Mexico launches new police force to fight drug gangs

Mexico launches new police force to fight drug gangs
Members of the Mexican National Gendarmerie, a new group of the Federal Police, take part in its beginning of operations, on August 22, 2014 in Mexico City.

MEXICO CITY - Mexico launched a new 5,000-member national police force Friday tasked with protecting key sectors of the economy from drug gangs and other organised crime.

"This new division is prepared to protect... (regions) where the worst institutional weaknesses exist," President Enrique Pena Nieto said at a press conference unveiling the new force.

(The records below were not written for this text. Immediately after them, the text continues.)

Lemma fle_scale n C (f g F G : efun n) : 0 < C ->
  (forall x, F (vscal C x) = ERscal C (f x)) -> (forall x, G (vscal C x) = ERscal C (g x)) ->
  (fle F G <-> fle f g).
Proof.
  intros HC HF HG. split.
  - intros H x. apply (ERle_scal C); [exact HC|]. rewrite <- HF, <- HG. apply H.
  - intros H y. replace y with (vscal C (vscal (/ C) y))
      by (apply functional_extensionality; intro i; unfold vscal; field; lra).
    rewrite HF, HG. apply ERle_scal; [exact HC | apply H].
Qed.

Lemma tangent_scale n C (f g F G : efun n) : 0 < C ->
  (forall x, F (vscal C x) = ERscal C (f x)) -> (forall x, G (vscal C x) = ERscal C (g x)) ->
  (tangent f g <-> tangent F G).
Proof.
  intros HC HF HG.
  assert (Heps : forall eps, fle (fun x => ERadd (F x) (Fin (C * eps))) G <->
                             fle (fun x => ERadd (f x) (Fin eps)) g).
  { intro eps. apply (fle_scale n C); [exact HC | | exact HG]. intro x. rewrite HF. symmetry. apply ERscal_add. }
  unfold tangent. rewrite (fle_scale n C f g F G HC HF HG). split; intros [Hle Hstrict]; split; auto.
  - intros eps He Hc. apply (Hstrict (eps / C)); [apply Rdiv_lt_0_compat; lra|].
    apply Heps. replace (C * (eps / C)) with eps by (field; lra). exact Hc.
  - intros eps He Hc. apply (Hstrict (C * eps)); [nra|]. apply Heps, Hc.
Qed.

(** * Dimension zero: functions are determined by their single value *)

Lemma vec0_unique (x y : Vec 0) : x = y.
Proof. apply functional_extensionality. intro i. exact (Fin.case0 (fun i => x i = y i) i). Qed.

Lemma proper_dim0_finite (f : efun 0) : proper f -> forall x, exists r, f x = Fin r.
Proof.
  intros [x0 Hx0] x. rewrite (vec0_unique x x0). destruct (f x0); [eauto | contradiction].
Qed.

Lemma proper_dim0_delta (f : efun 0) : proper f -> exists b d, forall x, f x = delta b d x.
Proof.
  intro Hf. destruct (proper_dim0_finite f Hf (vzero 0)) as [d Ed].
  exists (vzero 0), d. intro x. rewrite (vec0_unique x (vzero 0)), delta_at. exact Ed.
Qed.

Lemma tangent_dim0 (l phi : efun 0) : (forall x, exists u, l x = Fin u) ->
  (tangent l phi <-> phi = l).
Proof.
  intro Hl. split.
  - intros [Hle Hstrict]. apply fle_antisym; [|exact Hle]. intro x.
    destruct (Hl x) as [u Eu]. specialize (Hle x). rewrite Eu in *.
    destruct (phi x) as [v|] eqn:Ev; simpl in *; [|exfalso].
    + apply Rnot_lt_le. intro Hlt. apply (Hstrict (v - u)); [lra|]. intro y.
      rewrite (vec0_unique y x), Eu, Ev. simpl. lra.
    + apply (Hstrict 1); [lra|]. intro y. rewrite (vec0_unique y x), Ev. destruct (l x); exact I.
  - intros ->. split; [intro x; apply ERle_refl|]. intros eps He Hc.
    destruct (Hl (vzero 0)) as [u Eu]. specialize (Hc (vzero 0)). cbv beta in Hc. rewrite Eu in Hc. simpl in Hc. lra.
Qed.

Lemma order_embedding_injective n (T : efun n -> efun n)
  (T_order : forall phi psi, Cvx phi -> Cvx psi -> (fle phi psi <-> fle (T phi) (T psi)))
  phi psi : Cvx phi -> Cvx psi -> T phi = T psi -> phi = psi.
Proof.
  intros Hphi Hpsi E. apply fle_antisym.
  - apply (T_order _ _ Hphi Hpsi). rewrite E. intro x. apply ERle_refl.
  - apply (T_order _ _ Hpsi Hphi). rewrite E. intro x. apply ERle_refl.
Qed.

The Federal Police Gendarmerie Division is modeled after gendarme forces in Europe and elsewhere, which act as civilian police forces but with military-style tactics and training.

Its launch fulfills a key campaign pledge by Pena Nieto, who says bringing anti-drug policing back under civilian command will help curb spiraling violence that has killed more than 80,000 people since the government began using the military to fight drug gangs in 2006.

It will be deployed in rural areas to protect businesses and farmers from extortion rackets and kidnapping by drug gangs, which have diversified their criminal activities in recent years, sometimes with the help of corrupt local officials.

The move comes on the heels of sweeping energy-sector reforms that Pena Nieto signed into law on August 11 ending the state's 76-year-old monopoly on oil drilling and reopening the sector to foreign companies.

One of the new force's key jobs will be protecting foreign oil installations, said national security commissioner Monte Alejandro Rubido.

The government said 130,000 people had applied for the 5,000 new posts.